Mr Sunak warned that Russian President Mr Putin “will not stop at the Polish border” if his assault on Ukraine is allowed to succeed.

Mr Zelenskyy welcomed what he said is the “largest defence support package for Ukraine to date” from the UK.

“Storm Shadow and other missiles, hundreds of armoured vehicles and watercraft, ammunition – all of this is needed on the battlefield,” he said.

“I am grateful to the UK and personally to Prime Minister Sunak for such a strong demonstration of support and for the willingness to further develop our defence co-operation, especially with an emphasis on maritime and long-range capabilities.”

The promised equipment includes around 400 vehicles, more than 1,600 strike and air defence missiles, 60 boats and nearly four million rounds of small arms ammunition.

Labour was sceptical of Mr Sunak’s announcement, and said the public would “judge ministers by what they do not what they say”.

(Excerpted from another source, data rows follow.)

Lemma gradient_eq0_at_min x : (forall y, f x <= f y) -> forall v, dotv (g x) v = 0.
Proof.
move=> xmin v.
have f_line0 : is_derive (0 : R) (1 : R) (fun s : R => f (x + s *: v)) 0.
  apply: (@derive1_at_min R _ (-1) 1 0); rewrite ?in_itv /= ?ltrN10 ?ltr01 //.
  - by move=> t _; case: (is_derive_f_line x v t).
  - by move=> t _; rewrite scale0r addr0.
have := derive_val (is_derive := is_derive_f_line x v 0).
by rewrite (derive_val (is_derive := f_line0)) scale0r addr0.
Qed.

Lemma is_derive_g_line y v (t : R) :
  is_derive t 1 (fun s : R => dotv (g (y + s *: v)) v) (dotv (H (y + t *: v) *m v) v).
Proof.
have [dg dgv] := hg (y + t *: v).
have dcomp := differentiable_comp dg (differentiable_dotvl v (g (y + t *: v))).
have -> : dotv (H (y + t *: v) *m v) v = 'd ((fun u => dotv u v) \o g) (y + t *: v) v.
  by rewrite (diff_comp dg (differentiable_dotvl _ _)) /= diff_dotvl dgv.
exact: is_derive_comp_line dcomp.
Qed.

Lemma curvature_change_le y v (t : R) : 0 <= t ->
  dotv (H (y + t *: v) *m v) v - dotv (H y *m v) v <= t * (L * enorm v ^+ 3).
Proof.
move=> t0; rewrite !(dotvC _ v) -dotvBr -mulmxBl.
have := hL (y + t *: v) y v; rewrite /opnorm_le addrAC subrr add0r.
rewrite enormZ ger0_norm // => HvL.
have -> : t * (L * enorm v ^+ 3) = enorm v * (L * (t * enorm v) * enorm v) by ring.
exact: le_trans (dotv_le_enorm _ _) (ler_wpM2l (enorm_ge0 v) HvL).
Qed.

Lemma taylor_cubic_upper y v :
  f (y + v) <= f y + dotv (g y) v + dotv v (H y *m v) / 2 + L * enorm v ^+ 3 / 6.
Proof.
pose phi s := f (y + s *: v); pose psi s := dotv (g (y + s *: v)) v.
set q := dotv (H y *m v) v; set c := L * enorm v ^+ 3.
(* integrate the Lipschitz bound on [psi' = v^T H v] twice *)
have psi_le s : 0 <= s <= 1 -> psi s <= psi 0 + s * q + s ^+ 2 * (c / 2).
  have dpsi_le t : 0 < t < 1 ->
      dotv (H (y + t *: v) *m v) v - (q + 2 * t * (c / 2) + 3 * t ^+ 2 * 0) <= 0.
    by case/andP=> t0 _; have := curvature_change_le y v (ltW t0); rewrite -/q -/c; nra.
  move=> s01; have := le_at0_derive_le0
    (fun t => is_derive_sub_cubic (psi 0) q (c / 2) 0 (is_derive_g_line y v t)) dpsi_le s01.
  by rewrite -/(psi s) -/(psi 0); lra.
have dphi_le t : 0 < t < 1 ->
    psi t - (psi 0 + 2 * t * (q / 2) + 3 * t ^+ 2 * (c / 6)) <= 0.
  case/andP=> t0 t1; have /psi_le : 0 <= t <= 1 by rewrite (ltW t0) (ltW t1).
  lra.
have := le_at0_derive_le0
  (fun t => is_derive_sub_cubic (phi 0) (psi 0) (q / 2) (c / 6) (is_derive_f_line y v t))
  dphi_le (_ : 0 <= 1 <= 1).
rewrite /phi /psi !scale0r !addr0 scale1r (dotvC v) -/q ler01 lexx.
lra.
Qed.

Variable lmin : R.
Hypothesis hL0 : 0 <= L.
Hypothesis hlmin : 0 < lmin.
Hypothesis hHlow : forall x v, lmin * dotv v v <= dotv v (H x *m v).
(* A (fixed) planar diagram of L, encoded up to similarity by its
   "left of" relation on incomparable pairs (Kelly--Rival):
   [lft x y] means "x lies to the left of y" in the diagram.  The axioms say
   that lft relates exactly the incomparable pairs, in exactly one direction,
   and that (<= or left-of) and (<= or right-of) are both transitive, i.e.
   they form a 2-dimensional realizer; such pairs correspond exactly to the
   planar diagrams of L up to similarity. *)
Definition planar_diagram (lft : rel L) : Prop :=
  [/\ forall x y, lft x y -> incomp x y,
      forall x y, incomp x y -> lft x y || lft y x,
      forall x y, lft x y -> ~~ lft y x,
      forall x y z, (x <= y) || lft x y -> (y <= z) || lft y z ->
                    (x <= z) || lft x z &
      forall x y z, (x <= y) || lft y x -> (y <= z) || lft z y ->
                    (x <= z) || lft z x].

Definition chain (A : {set L}) : Prop :=
  {in A &, forall x y, (x <= y) || (y <= x)}.

Definition maximal_chain (C : {set L}) : Prop :=
  chain C /\ forall D : {set L}, chain D -> C \subset D -> D = C.

Definition cover_in (S : {set L}) (x y : L) : Prop :=
  [/\ x \in S, y \in S, x < y &
      forall z, z \in S -> x < z -> z < y -> False].

Definition sublattice01 (K : {set L}) : Prop :=
  [/\ \bot \in K, \top \in K,
      {in K &, forall x y, x `&` y \in K} &
      {in K &, forall x y, x `|` y \in K}].

Definition cover_preserving (K : {set L}) : Prop :=
  forall x y, cover_in K x y -> cover_in [set: L] x y.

John Healey, the shadow defence secretary, said: “As Keir Starmer recently set out, Labour wants to see a fully funded plan to reach 2.5%, but the Tories have shown time and time again that they cannot be trusted on defence and we will examine the detail of their announcement closely.

“The British public will judge ministers by what they do not what they say. Since 2010, the Conservatives have wasted more than £15 billion mismanaging defence procurement, shrunk the army to its smallest size since Napoleon, missed their recruitment targets every year, and allowed morale to fall to record lows.

“Labour will conduct a strategic defence and security review in the first year in government to get to grips with the threats we face, the state of our armed forces, and the resources required.”